Через неделю после страшной смерти Мер-кулыча герой едет в Гавриловск, спешит в дом о. Марка. «. Мне, пожалуй, уж наскучило жить в Та-ракановке, да и перспектива увидать Симочку сильно заманивала меня» [Там же: 117]. Но. «Действительность жестоко обманула Кира Обонполова», -опять замечает повествователь. Смена залога выступает показателем иронии по отношению к себе-герою, но герой и сам довольно быстро понимает смысл перемен и покидает прежде гостеприимный дом о. Марка, где теперь он стал лишним (Симочка вдруг выросла и заняла место старшей сестры возле о. Иринарха). Теперь вещи, которыми он восхищался, становятся его врагами: «. меня давила эта роскошь, эти трюмо, бархатные обои, мягкая мебель, бронза, ковры, мне страстно захотелось на свежий воздух, на берег Ирени.» [Там же: 119]. Социальный инстинкт, проснувшийся в герое от обиды за себя, потом сменяется напряженным нравственным переживанием стыда за брата, за всю свою семью. «. Мне было и совестно, и больно, и как-то неловко за всех» [Там же: 123], - передает повествователь свои переживания во время сватовства брата за дочь о. Марка.

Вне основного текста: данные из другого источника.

(* Let $P$ be a definite program, $M_0$ the ``vanilla'' meta-interpreter and $Q\in B^E_P$ an atomic query. Then: (1) for every $A\in \mathrm{Call}(P,Q)$ there exists $\mathit{solve}(A')\in \mathrm{Call}(M_0\cup \mathit{ce}(P),\mathit{solve}(Q))$ such that $A$ and $A'$ are variants; (2) for every $\mathit{solve}(A)\in \mathrm{Call}(M_0\cup \mathit{ce}(P),\mathit{solve}(Q))$ with $A\in B^E_P$ there exists $A'\in\mathrm{Call}(P,Q)$ such that $A$ and $A'$ are variants.
   Context: Logic programs are definite; a query is a finite sequence of atoms; derivations use the leftmost selection rule (LD-derivations; the LD-tree of $P\cup\{Q\}$ is the SLD-tree under Prolog's left-to-right selection rule). $B^E_P$ (the extended Herbrand base) is the set of atoms of the language of $P$ taken modulo variance. For a program $P$ and a set of queries $S$, the call set $\mathrm{Call}(P,S)$ is the set of atoms $A$ such that a variant of $A$ is a selected atom in some branch of the LD-tree of $P\cup\{Q\}$ for some $Q\in S$; $\mathrm{Call}(P,Q)=\mathrm{Call}(P,\{Q\})$. Clause encoding: a clause body $B_1,\dots,B_n$ ($n\ge1$) is represented as the term $(B_1,(B_2,\dots,B_n))$ built with a binary functor $,/2$ (for $n=1$ just $B_1$), and an empty body by the constant $\mathit{true}$. The clause-encoding $\mathit{ce}(P)$ is the set of facts $\mathit{clause}(H,B)$, one for each clause $H\leftarrow B$ of $P$. The symbols $,/2$, $\mathit{clause}$, $\mathit{solve}$ do not occur in the language of $P$. The ``vanilla'' meta-interpreter $M_0$ is the program $\mathit{solve}(\mathit{true}).$ $\mathit{solve}((A,B))\leftarrow \mathit{solve}(A),\mathit{solve}(B).$ $\mathit{solve}(H)\leftarrow \mathit{clause}(H,B),\mathit{solve}(B).$ *)

From Stdlib Require Import List Bool Relations.
Import ListNotations.

(* Prolog-style: a functor is a name plus the
   number of arguments it is applied to.  [Comma], [ClauseS], [SolveS],
   [TrueS] are the names used by the meta-interpreter / clause encoding;
   [Usr n] are all the other names. *)
Inductive sym : Type := Comma | ClauseS | SolveS | TrueS | Usr (n : nat).

Inductive term : Type :=
| Var (x : nat)
| Fn (f : sym) (args : list term).

Definition is_atom (t : term) : Prop :=
  match t with Var _ => False | Fn _ _ => True end.

Definition substitution := nat -> term.

Fixpoint subst (s : substitution) (t : term) : term :=
  match t with
  | Var x => s x
  | Fn f l => Fn f (map (subst s) l)
  end.

Fixpoint vars (t : term) : list nat :=
  match t with
  | Var x => [x]
  | Fn _ l => flat_map vars l
  end.

Definition variant (a b : term) : Prop :=
  exists s r : substitution, subst s a = b /\ subst r b = a.

Definition is_mgu (th : substitution) (a b : term) : Prop :=
  subst th a = subst th b /\
  forall s : substitution, subst s a = subst s b ->
    exists eta : substitution, forall x, s x = subst eta (th x).

Record clause : Type := mkClause { head : term; body : list term }.
Definition program := list clause.

Definition subst_cl (s : substitution) (c : clause) : clause :=
  mkClause (subst s (head c)) (map (subst s) (body c)).

Definition cl_vars (c : clause) : list nat :=
  vars (head c) ++ flat_map vars (body c).

Definition cl_variant (c c' : clause) : Prop :=
  exists s r : substitution, subst_cl s c = c' /\ subst_cl r c' = c.

Inductive ld_step (P : program) : list term -> list term -> Prop :=
| ld_step_intro : forall (A : term) (G : list term) (c c' : clause)
    (th : substitution),
    In c P ->
    cl_variant c c' ->
    (forall x, In x (cl_vars c') -> ~ In x (flat_map vars (A :: G))) ->
    is_mgu th A (head c') ->
    ld_step P (A :: G) (map (subst th) (body c' ++ G)).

Последней точкой роста героя становится открытие им страшной правды, лежащей в подтексте неожиданного мезальянса. Он узнает ее от соседей по съемной квартире, своих же бурсаков, среди которых и брат Агнии и Симочки, пекущийся о своем наследстве. Не помня себя Кир кидается в драку и оказывается жестоко избит однокашниками. Но тут и происходит его главное прозрение: физическое страдание очищает нравственное чувство, душевная боль обретает другое качество, и Кир ощущает боль не столько за себя или за брата, сколько за забытого им Меркулыча, от такой же невыносимой боли ушедшего из жизни, за всю свою семью, за некогда любимую им Симочку: «Когда я очнулся, в комнате никого не было, я по-прежнему лежал на полу, а в окно смотрела яркая луна; мне почему-то показалось, что я не Кир Обонполов, а Меркулыч, которого на моих глазах колотили Прошка с Вахрушкой. Меркулыч так же лежал на полу и так же не мог пошевелить ни одним пальцем; припоминая разговор Антона с Гришкой, я позабыл о собственном положении и задрожал от подавляющего чувства унижения» [Там же: 125].

Взаимозаменимость в страдании - вот главный нравственный «итог» всей этой жестокой истории, пережитой Киром Обонполовым. Та точка, откуда рождается самосознание героя, понимание им себя и своей семьи, где происходит окончательное расставание с наивным детским, да и семейным эгоцентризмом. Поэтому автобиографическая повесть Мамина в полной мере может быть отнесена к прозе

«самосознания», если воспользоваться определением А.М. Пятигорского2. Страдание, воплощенное в «другом» автора - в его герое, тем более автобиографическом, объективирует родовое «свое» -

наследство рода, семьи. Таким образом, Мамин как автор повести «На рубеже Азии» изживает, или отрицает, свое родовое наследство; вероятно, в качестве героя и повествователя он переживает те чувства, которые в неназванном, необозначенном виде могли возникнуть у него в реальной жизни, несмотря на то, что, по его же позднейшим описаниям, этим чувствам в их семье места не было. Неслучайно в повести несколько раз возникает эффект двойнико-вости: это Кир - Меркулыч (разобранный нами эпизод), и это Кир - доктор, сын Луковны, которого, став в свою очередь доктором, как бы замещает герой: в «Эпилоге» он так же приезжает из Петербурга, так же истощен и почти болен, а самым родным человеком для него является даже не мать, а Луковна.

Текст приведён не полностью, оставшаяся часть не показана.